(Saved data entries)
(* Generalized double extension  K a (+) J1 (+) K b, carried by 'rV_(1 + (n + 1)):
   an element z is  (coef_a z) a + (mid z) + (coef_b z) b. *)
Definition coef_a n (z : 'rV[K]_(1 + (n + 1))) : K := lsubmx z 0 0.
Definition mid n (z : 'rV[K]_(1 + (n + 1))) : 'rV[K]_n := lsubmx (rsubmx z).
Definition coef_b n (z : 'rV[K]_(1 + (n + 1))) : K := rsubmx (rsubmx z) 0 0.
Definition mk3 n (al : K) (x : 'rV[K]_n) (be : K) : 'rV[K]_(1 + (n + 1)) :=
  row_mx (al%:M) (row_mx x (be%:M)).

Definition dext n (A : falg K n) (D : 'M[K]_n) (x0 : 'rV[K]_n) (k : K)
  : falg K (1 + (n + 1)) :=
  FAlg (fun z w =>
         let al := coef_a z in let x := mid z in
         let al' := coef_a w in let x' := mid w in
         mk3 0
           ((al * al') *: x0 + al *: (x' *m D) + al' *: (x *m D) + amul A x x')
           (al * al' * k + al * aform A x0 x' + al' * aform A x0 x
              + aform A (x *m D) x'))
       (fun z w => coef_a z * coef_b w + coef_b z * coef_a w
                   + aform A (mid z) (mid w)).

Inductive obtained : forall n, falg K n -> Prop :=
| obt_base n (A : falg K n) : in_E A -> is_pE_jordan A -> obtained A
| obt_osum n1 n2 (A1 : falg K n1) (A2 : falg K n2) :
    obtained A1 -> obtained A2 -> obtained (osum A1 A2)
| obt_dext n (A : falg K n) (D : 'M[K]_n) (x0 : 'rV[K]_n) (k : K) :
    obtained A -> admissible A D x0 -> form_symmetric A D ->
    obtained (dext A D x0 k).

Definition isometric_iso n1 n2 (A1 : falg K n1) (A2 : falg K n2) :=
  exists f : {linear 'rV[K]_n1 -> 'rV[K]_n2},
    bijective f /\ (forall x y, f (amul A1 x y) = amul A2 (f x) (f y)) /\
    (forall x y, aform A2 (f x) (f y) = aform A1 x y).

End Defs.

## Work to be completed
Please return exactly the lines from the opening line of the data above through the line with "Definition mid n", both included and nothing else.

## Completed task
(* Generalized double extension  K a (+) J1 (+) K b, carried by 'rV_(1 + (n + 1)):
   an element z is  (coef_a z) a + (mid z) + (coef_b z) b. *)
Definition coef_a n (z : 'rV[K]_(1 + (n + 1))) : K := lsubmx z 0 0.
Definition mid n (z : 'rV[K]_(1 + (n + 1))) : 'rV[K]_n := lsubmx (rsubmx z).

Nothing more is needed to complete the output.